Let me be masochistic and edge out on the limb a bit further in saying that I have some misgivings about the current concentration on simple lifestyle—an expression I find unsatisfactory, for it has about it a whiff of things subjective, comparative, temporal. “Humble” is a much better adjective. Francis of Assisi is reckoned a master of the simple lifestyle, but he put the accent in the right place, and went far beyond the lesser goal when he said, “My brothers, you will convert all men by your word, if in all things you humble yourselves.”
But I digress (and doubtless I’ll smart for it). What I was trying to say was that the good things sometimes take us away from the best things. We are too easily lured into skirmishes on the edge of the real battlefield.
A much more humble seventeenth-century archbishop than William Laud saw this clearly. Robert Leighton, who condemned the persecution of Covenanters in Scotland as scaling heaven with ladders fetched out of hell, once gave the harassed ministers a gentle lesson in right priorities. Asked by a group of them why he did not “preach up the times,” he asked who did. “We all do,” they replied. “Then,” said that archbishop of Glasgow, “if all of you are busy preaching up the times, you may forgive one poor brother for preaching up Christ Jesus and his eternity.”

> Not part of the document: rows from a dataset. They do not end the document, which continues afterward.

Lemma hypo_adj_same_std n u v :
  word_on n u -> hypo_adj n u v -> word_on n v /\ same_std u v.
Proof.
move=> u_on [] /hypo_edgeP [src_on [p lt_p [lt_n std_p eq_incr]]].
  by rewrite eq_incr; split=> //; apply: word_on_incr_nth.
by rewrite eq_incr in u_on *; split=> //; apply: same_std_sym.
Qed.

Lemma hypo_conn_same_std n u v :
  hypo_conn n u v -> word_on n u -> word_on n v /\ same_std u v.
Proof.
elim=> {u v} [u v adj_uv u_on | u u_on | u v w _ IHuv _ IHvw u_on].
- exact: hypo_adj_same_std.
- by split=> //; apply: same_std_refl.
- have [v_on std_uv] := IHuv u_on; have [w_on std_vw] := IHvw v_on.
  by split=> //; apply: same_std_trans std_vw.
Qed.

Lemma clos_refl_trans_sym T (R : relation T) :
  (forall x y, R x y -> R y x) -> forall x y, clos_refl_trans T R x y -> clos_refl_trans T R y x.
Proof.
move=> R_sym x y; elim=> {x y} [x y /R_sym | x | x y z _ IHxy _ IHyz].
- exact: rt_step.
- exact: rt_refl.
- exact: rt_trans IHyz IHxy.
Qed.

Lemma clos_refl_trans_hom T (R : relation T) (f : T -> T) :
  (forall x y, R x y -> R (f x) (f y)) ->
  forall x y, clos_refl_trans T R x y -> clos_refl_trans T R (f x) (f y).
Proof.
move=> R_f x y; elim=> {x y} [x y /R_f | x | x y z _ IHxy _ IHyz].
- exact: rt_step.
- exact: rt_refl.
- exact: rt_trans IHxy IHyz.
Qed.

Lemma lowest_weight_no_edge n u v : lowest_weight n u -> ~ hypo_edge n u v.
Proof. by case=> _ no_f [_ [i [/no_f ->]]]. Qed.

Lemma highest_weight_no_in_edge n u v : highest_weight n v -> ~ hypo_edge n u v.
Proof. by case=> _ no_e [_ [i [/no_e e_v /e_op_f_op]]]; rewrite e_v. Qed.

Lemma lowest_weight_flip n h : highest_weight n h -> lowest_weight n (flip n h).
Proof.
move=> h_high; have h_on := proj1 h_high; split=> [|i range_i]; first exact: word_on_flip.
case f_flip: (f_op i (flip n h)) => [v|] //; exfalso.
have /hypo_edge_flip : hypo_edge n (flip n h) v by split; [exact: word_on_flip | exists i].
by rewrite flipK //; apply: highest_weight_no_in_edge.
Qed.

(* If [v] exceeded [u] somewhere, raising [u] at the last such place in the
   standardization order would be an edge out of [u]. *)
Lemma lowest_weight_max n u v p :
  lowest_weight n u -> word_on n v -> same_std u v -> p < size u ->
  nth 0 v p <= nth 0 u p.
Proof.
move=> u_low v_on std_uv lt_p; rewrite leqNgt; apply/negP => lt_uv.
pose above k := (k < size u) && (nth 0 u (std_pos u k) < nth 0 v (std_pos u k)).
have ex_above : exists k, above k by exists (std_rank u p); rewrite /above std_rank_ltn ?std_rankK.
have ub_above k : above k -> k <= size u by case/andP=> /ltnW.
case: (ex_maxnP ex_above ub_above) => k0 /andP [lt_k0 above_k0] max_k0.
set p0 := std_pos u k0 in above_k0; have lt_p0 : p0 < size u by apply: std_pos_ltn.
have after_p0 q : q < size u -> std_lt u p0 q -> nth 0 v q <= nth 0 u q /\ std_lt v p0 q.
  move=> lt_q lt_p0q; rewrite -(proj2 std_uv) //; split=> //; rewrite leqNgt; apply/negP => gt_q.
  have := max_k0 (std_rank u q); rewrite /above std_rank_ltn ?std_rankK // gt_q.
  by have := std_rank_lt lt_p0 lt_p0q; rewrite std_posK //; lia.
have /andP [_ v_le_n] := all_nthP 0 v_on p0 (ltac:(rewrite (proj1 std_uv); exact: lt_p0)).
apply: (lowest_weight_no_edge u_low); apply/hypo_edgeP; split; first exact: (proj1 u_low).
exists p0 => //; split=> //; first by lia.
apply/(same_std_incr_nthP lt_p0) => q lt_q.
by have := after_p0 q lt_q; rewrite /std_lt; lia.
Qed.

Lemma lowest_weight_uniq n u v :
  lowest_weight n u -> lowest_weight n v -> same_std u v -> u = v.
Proof.
move=> u_low v_low std_uv; apply: (@eq_from_nth _ 0) => [|p lt_p]; first by rewrite (proj1 std_uv).
apply/eqP; rewrite eqn_leq (lowest_weight_max u_low (proj1 v_low) std_uv) // andbT.
by apply: (lowest_weight_max v_low (proj1 u_low) (same_std_sym std_uv)); rewrite (proj1 std_uv).
Qed.

Theorem corollary4p8 (n : nat) (w h l : seq nat) :
  0 < n -> word_on n w ->
  hypo_conn n w h -> highest_weight n h ->
  hypo_conn n w l -> lowest_weight n l ->
  exists phi : seq nat -> seq nat,
    (forall u, hypo_conn n w u -> hypo_conn n w (phi u)) /\
    (forall u v, hypo_conn n w u -> hypo_conn n w v -> phi u = phi v -> u = v) /\
    (forall v, hypo_conn n w v -> exists2 u, hypo_conn n w u & phi u = v) /\
    (forall u v, hypo_conn n w u -> hypo_conn n w v ->
       (hypo_adj n u v <-> hypo_adj n (phi u) (phi v))) /\
    phi h = l.
Proof.
move=> _ w_on conn_wh h_high conn_wl l_low.
have C_on u : hypo_conn n w u -> word_on n u by case/hypo_conn_same_std.
have [h_on std_wh] := hypo_conn_same_std conn_wh w_on.
have [_ std_wl] := hypo_conn_same_std conn_wl w_on.
have flip_h : flip n h = l.
  apply: lowest_weight_uniq (lowest_weight_flip h_high) l_low _.
  apply: same_std_trans (same_std_sym (same_std_flip h_on)) _.
  exact: same_std_trans (same_std_sym std_wh) std_wl.
have conn_flip := clos_refl_trans_hom (@hypo_adj_flip n).
have conn_sym := clos_refl_trans_sym (@hypo_adj_sym n).
have C_flip u : hypo_conn n w u -> hypo_conn n w (flip n u).
  move=> conn_wu; apply: rt_trans conn_wl _; rewrite -flip_h.
  by apply: conn_flip; apply: rt_trans (conn_sym _ _ conn_wh) conn_wu.
exists (flip n); split; [exact: C_flip | split; [|split; [|split]]] => //.
- by move=> u v /C_on u_on /C_on v_on /(congr1 (flip n)); rewrite !flipK.
- by move=> v /[dup] /C_on v_on /C_flip; exists (flip n v); rewrite ?flipK.
- move=> u v /C_on u_on /C_on v_on; split; first exact: hypo_adj_flip.
  by move/hypo_adj_flip; rewrite !flipK.
Qed.
Lemma auglagB (z z' : nat -> 'rV[R]_d) i : (i < n)%N ->
  (forall j, j != i.+1 -> z j = z' j) ->
  auglag n f phi rho z lam - auglag n f phi rho z' lam =
    (f i.+1 (z i.+1) - f i.+1 (z' i.+1))
    + (coupling i (z i) (z i.+1) - coupling i (z i) (z' i.+1))
    + (if (i.+1 < n)%N then coupling i.+1 (z i.+1) (z i.+2)
                           - coupling i.+1 (z' i.+1) (z i.+2) else 0).
Proof.
move=> lt_in zz'.
have Ef j : f j (z j) - f j (z' j)
    = if j == i.+1 then f i.+1 (z i.+1) - f i.+1 (z' i.+1) else 0.
  by case: eqP => [-> // | /eqP ne]; rewrite zz' ?subrr.
have Ec j : coupling j (z j) (z j.+1) - coupling j (z' j) (z' j.+1)
    = (if j == i then coupling i (z i) (z i.+1) - coupling i (z i) (z' i.+1) else 0)
    + (if j == i.+1 then coupling i.+1 (z i.+1) (z i.+2)
                         - coupling i.+1 (z' i.+1) (z i.+2) else 0).
  have [-> | ne_ji] := eqVneq j i.
    by rewrite -(zz' i (negbT (ltn_eqF (ltnSn i)))) ltn_eqF ?addr0.
  have [-> | ne_ji1] := eqVneq j i.+1.
    by rewrite (zz' i.+2 (negbT (gtn_eqF (ltnSn i.+1)))) add0r.
  by rewrite !zz' ?subrr ?addr0 ?eqSS.
rewrite /auglag opprD addrACA -!sumrB.
rewrite (eq_bigr _ (fun j _ => Ef j)) (eq_bigr _ (fun j _ => Ec j)) big_split /=.
by rewrite -!big_mkcond !big_nat1_eq /= ltnS lt_in addrA.
Qed.

End AugmentedLagrangian.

The same note was struck earlier this year when Billy Graham conducted a mission that had a remarkable impact on Cambridge University. Three days before the end, he indicated his intention to refer next evening to the world situation. There is no doubt that he would have handled it with the right emphases, but his young colleagues were a little uneasy. Diffidently they sent him a message, “We’d rather have the Cross again for the next two nights, please.” Being the good listener to local counsel that he is, Billy Graham at once saw the sure-footedness of that approach, and gave them the Cross. And that is the answer, one on which even the craziness of the times cannot place limitations.
J. D. Douglas is an author and journalist living in St. Andrews, Scotland.